Over the last few years, at St Mary’s School, Waverley in Johannesburg, we have been evaluating our history curriculum, adapting it to meet the needs of the diverse student cohort that we teach while trying to support them in making meaningful connections between the past and present. These are layered histories.
This is no easy feat, and a balance must be struck between how we teach children to value local history and how we encourage them to be global citizens – aware of what is happening beyond their own, sheltered experience of the world.
One of the approaches we have adopted, especially after the COVID-19 pandemic, is to make better use of the community spaces available to us, with the understanding that galleries and museums are rich with opportunities for learning about the arts, heritage and history and which, in turn, support an understanding of society itself.
Educational experiences that make use of these spaces allow children to connect with the idea that we are indeed part of a community, with both a collective history and individual, personal stories.
Inspired by the Reggio-Emilia approach, we are a school that values children’s voices, their ability to ask questions and remain curious about the world around them. At the same time, well-chosen content, carefully scaffolded, is also of key importance when introducing children to a space that carries painful reminders of South Africa’s past.
Absorbing what the outside world has to offer
Last year we took our Grade 6s on an experimental outing to the Wits Art Museum (WAM) at the University of the Witwatersrand – throwing caution to the wind and insisting that 12-year olds could learn to appreciate spaces designed for adults and still learn something in the process.
This retrospective exhibition foregrounds the traditional oral histories and acts as a loudhailer through which to amplify the stories and experiences by and for the people who are otherwise not heard. Through simultaneous narration and documentation, we hope to foster a safe environment to promote healing and sharing to bring people and diverse communities together.
– Curator and art collector, Azu Nwagbogu
The girls did not disappoint us and the teachers accompanying them were amazed by their thoughtful questions, their reflective documentation and their mature engagement with the artists and pieces exhibited. This year, we decided to take the entire senior primary (in smaller focus groups) to the exhibition of the Keiskamma Tapestries, Umaf ’ evuka, nje ngenyanga / Dying and Rising as the Moon Does, at Constitutional Hill.
These unique art pieces – all handwoven by a community of rural women from Hamburg, Eastern Cape, demonstrate the importance of documenting local history and quintessentially South African stories.
From the COVID-19 tapestry where the girls could see many of their own experiences reflected back at them, to the important role of matriarchs displayed in the Keiskamma Tapestry – the girls engaged with their characteristic enthusiasm, asking countless questions which will nowinform some of our inquiries in history:
There is a lady in that village [Hamburg] that is nearly a hundred-years-old! She was telling a joke in one of the videos and she is obviously important, because she is in three of the tapestries! She made us laugh. I want to know more about her.
– Koena, Grade 4.
The exhibition itself was suitably curated against the stark backdrop of the former prisons – and they offered a message of hope about the transformative power of art and storytelling.

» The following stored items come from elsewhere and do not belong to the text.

Lemma balanceable_mixed_signs d c : balanceable d c -> mixed_signs d c.
Proof.
  intros [lam [Hpos Hsum]].
  destruct (classic (exists a, (a < d)%nat /\ 0 < c a)) as [Hp|Hp];
  destruct (classic (exists b, (b < d)%nat /\ c b < 0)) as [Hn|Hn].
  - right; auto.
  - exfalso.
    assert (0 < sumA d (fun a => lam a * c a)); [|lra].
    apply sumA_pos.
    + intros a Ha. destruct (Rle_or_lt 0 (c a)); [|exfalso; eauto].
      specialize (Hpos a Ha). nra.
    + destruct Hp as [a [Ha Hca]]. exists a. split; auto. specialize (Hpos a Ha). nra.
  - exfalso.
    assert (0 < sumA d (fun a => - (lam a * c a))); [|rewrite sumA_opp in *; lra].
    apply sumA_pos.
    + intros a Ha. destruct (Rle_or_lt (c a) 0); [|exfalso; eauto].
      specialize (Hpos a Ha). nra.
    + destruct Hn as [a [Ha Hca]]. exists a. split; auto. specialize (Hpos a Ha). nra.
  - left. intros a Ha.
    destruct (Rtotal_order (c a) 0) as [H|[H|H]]; [exfalso; eauto|exact H|exfalso; eauto].
Qed.

(* Correcting the weight of one letter of suitable sign balances the sum. *)
Lemma mixed_signs_balanceable d c : mixed_signs d c -> balanceable d c.
Proof.
  intros [Hz|[[a [Ha Hca]] [b [Hb Hcb]]]].
  - exists (fun _ => 1). split; [intros; lra|].
    apply sumA_zero. intros x Hx. rewrite Hz; auto; lra.
  - set (S := sumA d c).
    assert (Hk : exists k, (k < d)%nat /\ c k <> 0 /\ 0 <= S / (- c k)).
    { destruct (Rle_or_lt 0 S).
      - exists b. repeat split; [auto|lra|]. unfold Rdiv.
        apply Rmult_le_pos; [auto|]. left; apply Rinv_0_lt_compat; lra.
      - exists a. repeat split; [auto|lra|]. unfold Rdiv.
        assert (/ (- c a) < 0) by (apply Rinv_lt_0_compat; lra). nra. }
    destruct Hk as [k [Hk [Hck HS]]].
    exists (upd (fun _ => 1) k (1 + S / (- c k))). split.
    + intros x _. unfold upd. destruct (Nat.eqb x k); lra.
    + rewrite (sumA_ext d _ (upd c k ((1 + S / (- c k)) * c k))).
      * rewrite sumA_upd by auto. fold S. field. auto.
      * intros x Hx. upd_cases; ring.
Qed.

Lemma balanceable_same_signs d c c' :
  (forall a, (a < d)%nat -> (0 < c a <-> 0 < c' a) /\ (c a < 0 <-> c' a < 0)) ->
  balanceable d c -> balanceable d c'.
Proof.
  intros Hsg Hc. apply mixed_signs_balanceable.
  destruct (balanceable_mixed_signs d c Hc) as [Hz|[[a [Ha Hp]] [b [Hb Hn]]]].
  - left. intros a Ha. specialize (Hz a Ha). destruct (Hsg a Ha) as [Hp Hn].
    destruct (Rtotal_order (c' a) 0) as [H|[H|H]]; auto; [apply Hn in H|apply Hp in H]; lra.
  - right. split; [exists a|exists b]; split; auto; apply Hsg; auto.
Qed.

Lemma exp_minus_one_signs x : (0 < x <-> 0 < exp x - 1) /\ (x < 0 <-> exp x - 1 < 0).
Proof.
  rewrite <- exp_0.
  split; split; intros H.
  - apply exp_increasing in H. lra.
  - apply exp_lt_inv. lra.
  - apply exp_increasing in H. lra.
  - apply exp_lt_inv. lra.
Qed.

Lemma balanceable_exp_minus_one d c :
  balanceable d (fun a => exp (c a) - 1) <-> balanceable d c.
Proof.
  split; apply balanceable_same_signs; intros a _;
    destruct (exp_minus_one_signs (c a)); tauto.
Qed.

Definition admissible (d : nat) (pt pb : list nat) : Prop :=
  Permutation pt (seq 0 d) /\ Permutation pb (seq 0 d) /\
  last pt 0%nat <> last pb 0%nat.

Lemma perm_seq_in d l x : Permutation l (seq 0 d) -> In x l <-> (x < d)%nat.
Proof. intros H. rewrite (Permutation_in' eq_refl H), in_seq. lia. Qed.

Lemma perm_seq_last d l : Permutation l (seq 0 d) -> (0 < d)%nat -> (last l 0 < d)%nat.
Proof.
  intros H Hd. destruct (exists_last (l := l)) as [l0 [x ->]].
  - intros ->. apply Permutation_nil in H. destruct d; [lia|discriminate].
  - rewrite last_last. apply (perm_seq_in d _ x H). apply in_or_app; right; left; auto.
Qed.

Lemma admissible_last d pt pb :
  admissible d pt pb -> (last pt 0 < d)%nat /\ (last pb 0 < d)%nat.
Proof.
  intros (Ht & Hb & Hne).
  assert (Hd : (0 < d)%nat).
  { destruct d; [|lia]. apply Permutation_sym, Permutation_nil in Ht, Hb. subst. contradiction. }
  split; apply (perm_seq_last d); auto.
Qed.

Definition insert_after (x y z : nat) : list nat := if Nat.eqb z y then [z; x] else [z].

Lemma flat_map_insert_after_absent x y l :
  ~ In y l -> flat_map (insert_after x y) l = l.
Proof.
  induction l as [|z l IH]; intros H; simpl; [reflexivity|].
  unfold insert_after at 1. destruct (Nat.eqb_spec z y) as [->|_]; [exfalso; auto with datatypes|].
  simpl. rewrite IH; auto with datatypes.
Qed.

Lemma flat_map_insert_after_perm x y l :
  NoDup l -> In y l -> Permutation (flat_map (insert_after x y) l) (x :: l).
Proof.
  induction l as [|z l IH]; intros Hnd Hy; [destruct Hy|].
  inversion Hnd; subst. simpl. unfold insert_after at 1.
  destruct (Nat.eqb_spec z y) as [->|Hzy].
  - rewrite flat_map_insert_after_absent by auto. apply perm_swap.
  - destruct Hy as [Hy|Hy]; [congruence|]. simpl.
    eapply perm_trans; [apply perm_skip, IH; auto|]. apply perm_swap.
Qed.

Lemma flat_map_insert_after_last x y l :
  l <> [] -> x <> y -> last (flat_map (insert_after x y) l) 0%nat <> y.
Proof.
  intros Hne Hxy. destruct (exists_last Hne) as [l1 [c ->]].
  rewrite flat_map_app. simpl. unfold insert_after at 2.
  destruct (Nat.eqb_spec c y).
  - replace (flat_map (insert_after x y) l1 ++ [c; x] ++ [])
      with ((flat_map (insert_after x y) l1 ++ [c]) ++ [x])
      by (rewrite <- app_assoc; reflexivity).
    rewrite last_last. auto.
  - rewrite app_nil_r, last_last. auto.
Qed.

Lemma move_last_after l y :
  NoDup l -> In y l -> y <> last l 0%nat ->
  Permutation (move_after (last l 0%nat) y l) l /\
  last (move_after (last l 0%nat) y l) 0%nat <> y.
Proof.
  intros Hnd Hy Hyl.
  destruct (exists_last (l := l)) as [l0 [x ->]]; [intros ->; destruct Hy|].
  rewrite last_last in *.
  assert (Hx : ~ In x l0).
  { intro H. apply (NoDup_remove_2 l0 [] x); rewrite ?app_nil_r; auto. }
  assert (Hy0 : In y l0).
  { apply in_app_or in Hy as [Hy|[Hy|[]]]; [auto|congruence]. }
  assert (E : move_after x y (l0 ++ [x]) = flat_map (insert_after x y) l0).
  { unfold move_after. rewrite filter_app. simpl. rewrite Nat.eqb_refl, app_nil_r.
    rewrite forallb_filter_id; [reflexivity|].
    apply forallb_forall. intros z Hz. destruct (Nat.eqb_spec z x); subst; easy. }
  rewrite E. split.
  - eapply perm_trans; [apply flat_map_insert_after_perm|apply Permutation_cons_append].
    + eapply NoDup_app_remove_r; eauto.
    + auto.
  - apply flat_map_insert_after_last; [intros ->; destruct Hy0|congruence].
Qed.

Definition next_top (g : rv_type) (pt pb : list nat) : list nat :=
  match g with
  | TopType => pt
  | BotType => move_after (last pt 0%nat) (last pb 0%nat) pt
  end.

Definition next_bot (g : rv_type) (pt pb : list nat) : list nat :=
  match g with
  | TopType => move_after (last pb 0%nat) (last pt 0%nat) pb
  | BotType => pb
  end.

Lemma admissible_step d g pt pb :
  admissible d pt pb -> admissible d (next_top g pt pb) (next_bot g pt pb).
Proof.
  intros HA. destruct (admissible_last d pt pb HA) as [Ht Hb].
  destruct HA as (Hpt & Hpb & Hne).
  assert (Hnd : forall l, Permutation l (seq 0 d) -> NoDup l).
  { intros l Hl. eapply Permutation_NoDup; [symmetry; eauto|apply seq_NoDup]. }
  destruct g; simpl.
  - destruct (move_last_after pb (last pt 0%nat)) as [Hperm Hlast]; auto.
    + apply (perm_seq_in d); auto.
    + repeat split; auto. eapply perm_trans; eauto.
  - destruct (move_last_after pt (last pb 0%nat)) as [Hperm Hlast]; auto.
    + apply (perm_seq_in d); auto.
    + repeat split; auto. eapply perm_trans; eauto.
Qed.

(* Irreducible data on at least two letters are admissible: otherwise the first
   d-1 letters of both lines would form the same set. *)
Lemma in_firstn_pred d l x : (1 <= d)%nat -> Permutation l (seq 0 d) ->
  In x (firstn (d - 1) l) <-> ((x < d)%nat /\ x <> last l 0%nat).
Proof.
  intros Hd Hl.
  destruct (exists_last (l := l)) as [l0 [c ->]].
  { intros ->. apply Permutation_nil in Hl. destruct d; [lia|discriminate]. }
  assert (Hnd : NoDup (l0 ++ [c])).
  { eapply Permutation_NoDup; [symmetry; eauto|apply seq_NoDup]. }
  assert (Hlen : length l0 = (d - 1)%nat).
  { apply Permutation_length in Hl. rewrite length_app, length_seq in Hl. simpl in Hl. lia. }
  assert (Hc : ~ In c l0).
  { intro H. apply (NoDup_remove_2 l0 [] c); rewrite ?app_nil_r; auto. }
  rewrite <- Hlen, firstn_app, Nat.sub_diag, firstn_all, last_last. simpl.
  rewrite app_nil_r, <- (perm_seq_in d _ x Hl).
  split; [intros H; split; [apply in_or_app; auto|intros ->; auto]|].
  intros [H Hxc]. apply in_app_or in H as [H|[H|[]]]; [auto|congruence].
Qed.

Lemma irreducible_admissible d pt pb : (2 <= d)%nat ->
  Permutation pt (seq 0 d) -> Permutation pb (seq 0 d) ->
  irreducible d pt pb -> admissible d pt pb.
Proof.
  intros Hd Ht Hb Hirr. repeat split; auto. intro E.
  apply (Hirr (d - 1)%nat); [lia|lia|]. intro x.
  rewrite (in_firstn_pred d pt x), (in_firstn_pred d pb x), E by (auto; lia). tauto.
Qed.

Definition has_slopes (d : nat) (s : nat -> R) (T : aiem) : Prop :=
  (forall a, (a < d)%nat -> 0 < a_lt T a) /\
  (forall a, (a < d)%nat -> a_lb T a = exp (s a) * a_lt T a).

Definition slope_iem (pt pb : list nat) (s lt : nat -> R) : aiem :=
  Aiem pt pb lt (fun a => exp (s a) * lt a).

Lemma slope_iem_has_slopes d pt pb s lt :
  (forall a, (a < d)%nat -> 0 < lt a) -> has_slopes d s (slope_iem pt pb s lt).
Proof. intros H. split; auto. Qed.

Lemma slope_iem_flat pt pb lt : slope_iem pt pb (fun _ => 0) lt = std_iem pt pb lt.
Proof.
  unfold slope_iem, std_iem. f_equal.
  apply functional_extensionality. intro a. rewrite exp_0. ring.
Qed.

(* The action of an arrow on vectors indexed by letters: the coordinate of the
   loser (the letter that is moved) absorbs that of the winner. *)
Definition cocycle_step (g : rv_type) (pt pb : list nat) (v : nat -> R) : nat -> R :=
  match g with
  | TopType => upd v (last pb 0%nat) (v (last pb 0%nat) + v (last pt 0%nat))
  | BotType => upd v (last pt 0%nat) (v (last pt 0%nat) + v (last pb 0%nat))
  end.

Fixpoint cocycle (gam : list rv_type) (pt pb : list nat) (v : nat -> R) : nat -> R :=
  match gam with
  | [] => v
  | g :: gam' => cocycle gam' (next_top g pt pb) (next_bot g pt pb) (cocycle_step g pt pb v)
  end.

Lemma cocycle_step_additive (rho : R -> R) g pt pb u :
  (forall x y, rho (x + y) = rho x + rho y) ->
  (fun a => rho (cocycle_step g pt pb u a)) = cocycle_step g pt pb (fun a => rho (u a)).
Proof.
  intros Hadd. apply functional_extensionality. intro a.
  destruct g; simpl; unfold upd; destruct Nat.eqb; auto.
Qed.

Lemma rv_step_data d s T g T' :
  admissible d (a_pt T) (a_pb T) -> has_slopes d s T -> rv_step T = Some (g, T') ->
  a_pt T' = next_top g (a_pt T) (a_pb T) /\ a_pb T' = next_bot g (a_pt T) (a_pb T) /\
  has_slopes d (cocycle_step g (a_pt T) (a_pb T) s) T'.
Proof.
  destruct T as [pt pb lt lb]. intros HA [Hpos Hsl] Hstep. simpl in *.
  destruct (admissible_last d pt pb HA) as [Ht Hb]. destruct HA as (_ & _ & Hne).
  unfold rv_step in Hstep. simpl in Hstep.
  destruct (Rlt_dec _ _) as [Htop|_];
    [|destruct (Rlt_dec _ _) as [Hbot|]; [|discriminate]];
    injection Hstep as <- <-; simpl;
    set (xt := last pt 0%nat) in *; set (xb := last pb 0%nat) in *;
    pose proof (Hpos xt Ht) as Hlt_t; pose proof (Hpos xb Hb) as Hlt_b;
    pose proof (Hsl xt Ht) as Hsl_t; pose proof (Hsl xb Hb) as Hsl_b;
    pose proof (exp_pos (s xb)) as Hexp_b;
    clearbody xt xb;
    (split; [reflexivity|split; [reflexivity|split; intros a Ha; upd_cases; auto]]).
  - lra.
  - rewrite Hsl_t. field. lra.
  - rewrite exp_plus, Hsl_t, Hsl_b. field. lra.
  - apply Rmult_lt_0_compat; [nra|apply Rinv_0_lt_compat; nra].
  - apply Rmult_lt_0_compat; [nra|apply Rinv_0_lt_compat; nra].
  - rewrite Hsl_b. field. lra.
  - rewrite exp_plus, Hsl_t, Hsl_b. field. lra.
Qed.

Our Grade 5s, in particular, empathised with both the stories woven into the tapestries themselves as well as the experiences of those who were detained in the women’s prison:
If we do not take care of these spaces … if we do not see these tapestries and their stories, we will forget and when we forget we make even worse mistakes than those we made in the past.
– Pakane, Grade 5.
The importance of listening to stories
In her reflection on the exhibition, founder of the project, Dr Carol Hofmeyr, explained the importance of using art as a medium for healing and for creating a means of sustainable livelihood through dignified work for the women in this historically marginalised community.
Even though this is an abstract concept, when looking at the tapestries one of our Grade 6s made a statement that showed her understanding of Hofmeyr’s sentiment:
If we don’t listen to these stories … if we don’t appreciate these stories [even though they aren’t our stories] we will miss out on what we can learn from these women. They are poor. They have so little. They have every reason to be mad and angry and unhappy… and yet they made these beautiful things…by hand!
– Sophie
Their curiosity ignited, our teachers now have a great deal of raw material to draw upon as we collate the girls’ responses and use these as a platform for projects in Art, English and History.